Спустившись с окружающих Шафбург холмов, мы въехали в его окраины и двинулись по мощёной крупным булыжником улице меж мрачных домишек, словно сошедших с иллюстраций из книжки безумных германских сказочников. Красное солнце медленно катилось за горизонт и в крохотных оконцах за мутными стёклами то тут, то там зажигался свет. Редкие прохожие, напоминающие бродяг, брели по своим делам, понурив головы. Знакомая депрессивная картина, будто в какой-нибудь мордовской дыре, только антуражик иной, да дороги поприличнее.

— Давно хотел спросить... — нарушил Волдо давящую тишину, разбавляемую лишь цокотом копыт да скрипом телеги.

— Ну?

— Что у вас с глазами?

— Если коротко — они жёлтые и светятся.

— Да, — ощерился Волдо, — я замети. Но почему?

— Как рассказывал один знающий товарищ, дело в тапетуме. Он отражает свет. Так что ничего демонического. Прости, если разочаровал.

— Думаю, будет лучше...

— ...не зыркать ими почём зря. Да, я в курсе. Человек везде человек — пугливая ксенофобная тварь, в большинстве своём. Не имел в виду тебя лично.

— Хорошо. А что будем делать с Красавчиком?

— Посидит в телеге. Он нажрался на неделю, так что без труда прикинется ветошью. Лишь бы чужие лошади его не учуяли. Верно говорю? — пихнул я замаскированного под тюк питомца. — Эй. Заснул что ли?

Из-под дерюги раздалось нарочито возмущённое рычание.

— Не желаешь говорить?

— Он с этим свыкнется, — заверил Волдо. — Дайте ему время.

Постоялый двор представлял собой длинное трёхэтажное здание с двускатной черепичной крышей и носил звучное имя «Хромая гусыня». Нижний этаж почти целиком занимали стойла, а оставшуюся площадь — небольшой холл с полукруглой конструкцией, напоминающей барную стойку, и расположившийся за ней упитанный индивид весьма отталкивающей наружности. Кругломордый, румяный и прямо-таки пышущий здоровьем он явно диссонировал с царящими вокруг мрачностью и декадансом, что вызвало у меня чувство неприятного дежавю.

— Приветствую вас в лучшем заведении Шафбурга! — фальцетом пропел кругломордый и всплеснул пухлыми ручонками. — Желаете комнату?

— Да, — кивнул Волдо. — С двумя кроватями.

— Нет ничего проще!

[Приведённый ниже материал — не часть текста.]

Lemma subspaceB x y : P x -> P y -> P (x - y).
Proof. by move=> Px Py; apply/subspaceD/subspaceN. Qed.

Lemma subspace_sum n (v : 'I_n -> R) (x : 'I_n -> H) :
  (forall j, P (x j)) -> P (\sum_j v j *: x j).
Proof. by move=> Px; elim/big_rec: _ => // i s _ Ps; apply: P_lin. Qed.

Lemma psform0l z : P z -> b 0 z = 0.
Proof.
move=> Pz; have := b_linl 1 P0 P0 Pz; rewrite scaler0 addr0 mul1r.
lra.
Qed.

Lemma psformDl x y z : P x -> P y -> P z -> b (x + y) z = b x z + b y z.
Proof. by move=> Px Py Pz; have := b_linl 1 Px Py Pz; rewrite scale1r mul1r. Qed.

Lemma psformZl a x z : P x -> P z -> b (a *: x) z = a * b x z.
Proof. by move=> Px Pz; have := b_linl a Px P0 Pz; rewrite addr0 psform0l // addr0. Qed.

Lemma psformNl x z : P x -> P z -> b (- x) z = - b x z.
Proof. by move=> Px Pz; rewrite -scaleN1r psformZl // mulN1r. Qed.

Lemma psformDr x y z : P x -> P y -> P z -> b z (x + y) = b z x + b z y.
Proof.
move=> Px Py Pz; have Pxy := subspaceD Px Py.
by rewrite b_sym // psformDl // (b_sym Px Pz) (b_sym Py Pz).
Qed.

Lemma psformZr a x z : P x -> P z -> b z (a *: x) = a * b z x.
Proof.
by move=> Px Pz; have Pax := subspaceZ a Px; rewrite b_sym // psformZl // (b_sym Px Pz).
Qed.

Lemma psformNr x z : P x -> P z -> b z (- x) = - b z x.
Proof. by move=> Px Pz; rewrite -scaleN1r psformZr // mulN1r. Qed.

Lemma psform_ge0 x : P x -> 0 <= b x x.
Proof.
move=> Px; have [->|x0] := eqVneq x 0; first by rewrite psform0l.
exact/ltW/b_pos.
Qed.

Lemma psformZZ a x : P x -> b (a *: x) (a *: x) = a ^+ 2 * b x x.
Proof.
by move=> Px; have Pax := subspaceZ a Px; rewrite psformZl // psformZr // mulrA expr2.
Qed.

Lemma psformDD_le x y : P x -> P y -> b (x + y) (x + y) <= 2 * b x x + 2 * b y y.
Proof.
move=> Px Py; have Pny := subspaceN Py.
have expand u : P u -> b (x + u) (x + u) = b x x + 2 * b x u + b u u.
  move=> Pu; have Pxu := subspaceD Px Pu.
  rewrite psformDl // !psformDr // (b_sym Pu Px); ring.
have := psform_ge0 (subspaceB Px Py).
rewrite !expand // psformNr // psformNl // psformNr // opprK.
lra.
Qed.

(* Cauchy-Schwarz with a wasteful constant, which is all that is needed. *)
Lemma psform_sum_le n (v : 'I_n -> R) (x : 'I_n -> H) : (forall j, P (x j)) ->
  b (\sum_j v j *: x j) (\sum_j v j *: x j) <=
  2 ^+ n * ((\sum_j v j ^+ 2) * (\sum_j b (x j) (x j))).
Proof.
elim: n v x => [|n IH] v x Px; first by rewrite !big_ord0 psform0l // mul0r mulr0.
rewrite !big_ord_recr /= exprS.
set S := \sum_(i < n) _; set A := \sum_(i < n) _; set B := \sum_(i < n) _.
have PS : P S by apply: subspace_sum.
have := psformDD_le PS (subspaceZ (v ord_max) (Px ord_max)).
rewrite psformZZ //.
have hS : b S S <= 2 ^+ n * (A * B) by apply: IH.
have hA : 0 <= A by apply: sumr_ge0 => i _; apply: sqr_ge0.
have hB : 0 <= B by apply: sumr_ge0 => i _; apply: psform_ge0.
have hc : 1 <= 2 ^+ n :> R by apply: exprn_ege1; lra.
have hq := psform_ge0 (Px ord_max); have hw := sqr_ge0 (v ord_max).
set c := 2 ^+ n in hS hc *.
set q := b (x ord_max) (x ord_max) in hq *; set w := v ord_max ^+ 2 in hw *.
have hAq : 0 <= A * q by apply: mulr_ge0.
have hwB : 0 <= w * B by apply: mulr_ge0.
have hwq : 0 <= w * q by apply: mulr_ge0.
have : 2 * w * q <= 2 * c * (w * q) by nra.
have : 0 <= 2 * c * (A * q + w * B) by nra.
nra.
Qed.

End PosSymForm.

Lemma A1_pos_sym_form (R : realType) (H : lmodType R) (V : set H) (aV : H -> H -> R) :
  A1 V aV -> pos_sym_form V aV.
Proof. by case. Qed.

Section DomainOperator.
Variables (R : realType) (H : lmodType R) (ipH : H -> H -> R).
Variables (V : set H) (aV : H -> H -> R).
Hypothesis ipH_inner : is_inner_product ipH.
Hypothesis aV_form : pos_sym_form V aV.
Hypothesis V_dense :
  forall (h : H) (e : R), 0 < e -> exists2 v, V v & ipnorm ipH (h - v) < e.

Local Notation DA := (inDA ipH V aV).
Local Notation A := (Aop ipH V aV).

Let ipH_form : pos_sym_form [set: H] ipH.
Proof.
case: ipH_inner => sym [lin pos].
by split=> [|x y _ _|a x y z _ _ _|x _]; [|exact: sym|exact: lin|exact: pos].
Qed.

Let ip0l z : ipH 0 z = 0 := psform0l ipH_form I.
Let ipDl x y z : ipH (x + y) z = ipH x z + ipH y z := psformDl ipH_form I I I.
Let ipDr x y z : ipH z (x + y) = ipH z x + ipH z y := psformDr ipH_form I I I.
Let ipZl a x z : ipH (a *: x) z = a * ipH x z := psformZl ipH_form a I I.
Let ipNl x z : ipH (- x) z = - ipH x z := psformNl ipH_form I I.
Let ipNr x z : ipH z (- x) = - ipH z x := psformNr ipH_form I I.

Lemma orthogonal_dense_eq0 g : (forall y, V y -> ipH g y = 0) -> g = 0.
Proof.
move=> g_orth; apply/eqP/negPn/negP => g_neq0.
have gg_gt0 : 0 < ipH g g by case: ipH_inner => _ [_]; apply.
have e_gt0 : 0 < Num.sqrt (ipH g g / 2) by rewrite sqrtr_gt0 divr_gt0.
have [v Vv] := V_dense g e_gt0; have g_orth_v := g_orth v Vv.
rewrite /ipnorm ltr_sqrt ?divr_gt0 //.
rewrite ipDl !ipDr !ipNl !ipNr opprK (proj1 ipH_inner v g) g_orth_v.
have := psform_ge0 ipH_form (I : [set: H] v).
lra.
Qed.

Lemma Aop_spec z : DA z -> forall y, V y -> aV z y = ipH (A z) y.
Proof.
case=> _ [f f_spec].
exact: (xgetI 0 (P := [set f : H | forall y, V y -> aV z y = ipH f y]) f_spec).
Qed.

Lemma Aop_unique z f : DA z -> (forall y, V y -> aV z y = ipH f y) -> A z = f.
Proof.
move=> DAz f_spec; apply/eqP; rewrite -subr_eq0; apply/eqP.
by apply: orthogonal_dense_eq0 => y Vy; rewrite ipDl ipNl -Aop_spec // -f_spec // subrr.
Qed.

Lemma inDA_Aop_lin a x y : DA x -> DA y ->
  DA (a *: x + y) /\ A (a *: x + y) = a *: A x + A y.
Proof.
move=> DAx DAy; have [Vx Vy] := (proj1 DAx, proj1 DAy).
have A_spec w : V w -> aV (a *: x + y) w = ipH (a *: A x + A y) w.
  by move=> Vw; case: aV_form => _ _ lin _; rewrite lin // ipDl ipZl -!Aop_spec.
have DAaxy : DA (a *: x + y).
  by split; [exact: (subspaceD aV_form (subspaceZ aV_form a Vx) Vy) | exists (a *: A x + A y)].
by split; last exact: Aop_unique.
Qed.

Lemma inDA0 : DA 0.
Proof.
have V0 : V 0 by case: aV_form => -[].
by split=> //; exists 0 => y Vy; rewrite ip0l (psform0l aV_form).
Qed.

Lemma Aop0 : A 0 = 0.
Proof.
apply: Aop_unique; first exact: inDA0.
by move=> y Vy; rewrite ip0l (psform0l aV_form).
Qed.

Lemma normDA2_ge0 z : 0 <= normDA2 ipH V aV z.
Proof. exact: (psform_ge0 ipH_form (I : [set: H] (A z))). Qed.

Lemma normDA2B_le x y : DA x -> DA y ->
  normDA2 ipH V aV (x - y) <= 2 * normDA2 ipH V aV x + 2 * normDA2 ipH V aV y.
Proof.
move=> DAx DAy; rewrite /normDA2 -[x - y]addrC -scaleN1r.
rewrite (proj2 (inDA_Aop_lin _ DAy DAx)) scaleN1r addrC.
have := psformDD_le ipH_form (I : [set: H] (A x)) (I : [set: H] (- A y)).
by rewrite ipNl ipNr opprK.
Qed.

Lemma inDA_Aop_sum n (c : 'I_n -> R) (x : 'I_n -> H) : (forall j, DA (x j)) ->
  DA (\sum_j c j *: x j) /\ A (\sum_j c j *: x j) = \sum_j c j *: A (x j).
Proof.
move=> DAx; apply: (big_rec2 (fun s t => DA s /\ A s = t)).
  by split; [exact: inDA0 | exact: Aop0].
move=> i s t _ [DAs <-]; exact: inDA_Aop_lin.
Qed.

Lemma DA_dual_sum n (f : H -> R) (c : 'I_n -> R) (x : 'I_n -> H) :
  in_DA_dual ipH V aV f -> (forall j, DA (x j)) ->
  f (\sum_j c j *: x j) = \sum_j c j * f (x j).
Proof.
move=> [f_lin _] DAx.
suff [] : DA (\sum_j c j *: x j) /\ f (\sum_j c j *: x j) = \sum_j c j * f (x j) by [].
apply: (big_rec2 (fun s t => DA s /\ f s = t)).
  split; first exact: inDA0.
  by have := f_lin 1 0 0 inDA0 inDA0; rewrite scaler0 addr0 mul1r; lra.
move=> i s t _ [DAs <-]; split; first exact: (proj1 (inDA_Aop_lin _ (DAx i) DAs)).
exact: f_lin.
Qed.

Lemma le_normDA2_xiM n (dM : 'I_n -> H -> R) (c : R) :
  (c%:E <= xiM ipH V aV dM)%E ->
  forall th, DM ipH V aV dM th -> c * aV th th <= normDA2 ipH V aV th.
Proof.
move=> c_le th DMth; have Vth : V th := proj1 (proj1 DMth).
have [->|th_neq0] := eqVneq th 0.
  by rewrite (psform0l aV_form) ?mulr0 ?normDA2_ge0 //; case: aV_form => -[].
have th_gt0 : 0 < aV th th by case: aV_form => _ _ _; apply.
rewrite -ler_pdivlMr // -lee_fin; apply: le_trans c_le _; apply: ereal_inf_lbound.
by exists th => //; split=> //; apply/eqP.
Qed.

Definition Psid_bound n (PsiM : 'I_n -> H) (C1 C2 : R) : Prop :=
  forall v, normDA2 ipH V aV (Psid PsiM v) <= C1 * \sum_j v j ^+ 2 /\
            aV (Psid PsiM v) (Psid PsiM v) <= C2 * \sum_j v j ^+ 2.

Lemma varpi_ok_Psid_bound n (dM : 'I_n -> H -> R) (PsiM : 'I_n -> H) (w : R) :
  varpi_ok ipH V aV dM PsiM w -> Psid_bound PsiM (w * w) w.
Proof.
move=> [w_gt0 w_bound] v; have [N_le A_le] := w_bound v; split=> //.
by rewrite -mulrA; apply: le_trans N_le _; rewrite ler_pM2l.
Qed.

Section Coordinates.
Variables (n : nat) (dM : 'I_n -> H -> R) (PsiM : 'I_n -> H).
Hypothesis dM_dual : forall j, in_DA_dual ipH V aV (dM j).
Hypothesis PsiM_DA : forall j, DA (PsiM j).
Hypothesis dM_PsiM : forall i j, dM j (PsiM i) = (i == j)%:R.

Lemma dM_Psid v j : dM j (Psid PsiM v) = v j.
Proof.
rewrite /Psid DA_dual_sum // (bigD1 j) //= dM_PsiM eqxx mulr1.
by rewrite big1 ?addr0 // => i /negbTE i_neq_j; rewrite dM_PsiM i_neq_j mulr0.
Qed.

Lemma Psid_bounded : exists2 C, 0 < C & Psid_bound PsiM C C.
Proof.
pose SN := \sum_j normDA2 ipH V aV (PsiM j).
pose SA := \sum_j aV (PsiM j) (PsiM j).
have SN_ge0 : 0 <= SN by apply: sumr_ge0 => j _; apply: normDA2_ge0.
have SA_ge0 : 0 <= SA.
  by apply: sumr_ge0 => j _; apply: (psform_ge0 aV_form (proj1 (PsiM_DA j))).
have c_ge1 : 1 <= 2 ^+ n :> R by apply: exprn_ege1; lra.
set c := 2 ^+ n in c_ge1.
have cS_ge0 : 0 <= c * (SN + SA) by apply: mulr_ge0; lra.
exists (c * (SN + SA) + 1) => [|v]; first lra.
have S_ge0 : 0 <= \sum_j v j ^+ 2 by apply: sumr_ge0 => j _; apply: sqr_ge0.
have NP_le : normDA2 ipH V aV (Psid PsiM v) <= c * ((\sum_j v j ^+ 2) * SN).
  rewrite /normDA2 /Psid (proj2 (inDA_Aop_sum _ PsiM_DA)).
  exact: (psform_sum_le ipH_form v (fun j => I : [set: H] (A (PsiM j)))).
have AP_le : aV (Psid PsiM v) (Psid PsiM v) <= c * ((\sum_j v j ^+ 2) * SA).
  exact: (psform_sum_le aV_form v (fun j => proj1 (PsiM_DA j))).
set S := \sum_j v j ^+ 2 in S_ge0 NP_le AP_le *.
have cSSA_ge0 : 0 <= c * (S * SA) by apply: mulr_ge0; [lra | apply: mulr_ge0].
have cSSN_ge0 : 0 <= c * (S * SN) by apply: mulr_ge0; [lra | apply: mulr_ge0].
split; nra.
Qed.

Lemma aV_le_normDA2_dnorm2 (zeta C1 C2 lambda : R) :
  0 < zeta -> ((4 * zeta)%:E <= xiM ipH V aV dM)%E ->
  Psid_bound PsiM C1 C2 -> C1 + 2 * zeta * C2 <= 2 * lambda ->
  forall z, DA z -> zeta * aV z z <= normDA2 ipH V aV z + 2 * lambda * dnorm2 dM z.
Proof.
move=> zeta_gt0 xi_ge Psid_le lambda_ge z DAz.
pose p := Psid PsiM (fun j => dM j z).
have DAp : DA p by exact: (proj1 (inDA_Aop_sum _ PsiM_DA)).
have DMth : DM ipH V aV dM (z - p).
  rewrite -[z - p]addrC -scaleN1r; split; first exact: (proj1 (inDA_Aop_lin _ DAp DAz)).
  by move=> j; rewrite (proj1 (dM_dual j)) // dM_Psid // mulN1r addNr.
have [Vp Vth] : V p /\ V (z - p) by split; [case: DAp | case: DMth => -[]].
have z_split : aV z z <= 2 * aV (z - p) (z - p) + 2 * aV p p.
  by have := psformDD_le aV_form Vth Vp; rewrite subrK.
have th_le := le_normDA2_xiM xi_ge DMth.
have thDA_le := normDA2B_le DAz DAp.
have [p_DA_le p_V_le] : normDA2 ipH V aV p <= C1 * dnorm2 dM z /\
                        aV p p <= C2 * dnorm2 dM z := Psid_le _.
have D_ge0 : 0 <= dnorm2 dM z by apply: sumr_ge0 => j _; apply: sqr_ge0.
have := ler_wpM2r D_ge0 lambda_ge.
have := ler_wpM2l (ltW zeta_gt0) z_split.
have := ler_wpM2l (ltW zeta_gt0) p_V_le.
nra.
Qed.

С вас четыре кроны, плюс ещё одну, если желаете определить на постой лошадь.

— Пять крон, — пихнул меня локтем Волдо, пока я разглядывал интерьер, украшенный искусно таксидермированной головой зверюги, похожей на слишком большую росомаху.

— А? Вот, отсчитай, и с телегой разберись, — передал я ему кошель с чужеземной валютой и обратился к хозяину заведения, указывая на трофей: — Сам добыл?

— Да, — не без гордости ответил тот, подбоченясь. — Не один, конечно. Но последняя пика была моя. Эх, молодость-молодость. Чудесная пора безумств и риска. Вы согласны?

— Даже не знаю. Я такой хернёй до сих пор маюсь.

— О! Охотник?

— Да. Когда не занят торговлей.

— Весьма необычно. И каков ваш лучший трофей?

— Так сразу и не определишь. Москва, пожалуй.

— Москва? — нахмурил хозяин заведения лоб, изображая сосредоточенное копание в недрах памяти. — Что за зверь?

— Не думаю, что тебе такой встречался. Жуткая тварь, мразота, каких поискать. Ну да что мы всё об охоте? Скажи-ка лучше, мил человек, где тут у вас кабачок отыскать. Кажется, «Весёлый звонарь».

— Есть такой. Как выйдите, налево, и дальше вдоль речки, а там уже и вывеску увидите, немного не доходя площади.

— Главной?

— Да-да, её самой. Но, должен предупредить, — опёрся хозяин о стойку и склонился вперёд, будто хотел поведать нечто сокровенное, — дурное это место. Сброду пришлого там, что крыс в канале. А в позднее время и того больше. Так что держите кинжал поближе, а кошель поглубже.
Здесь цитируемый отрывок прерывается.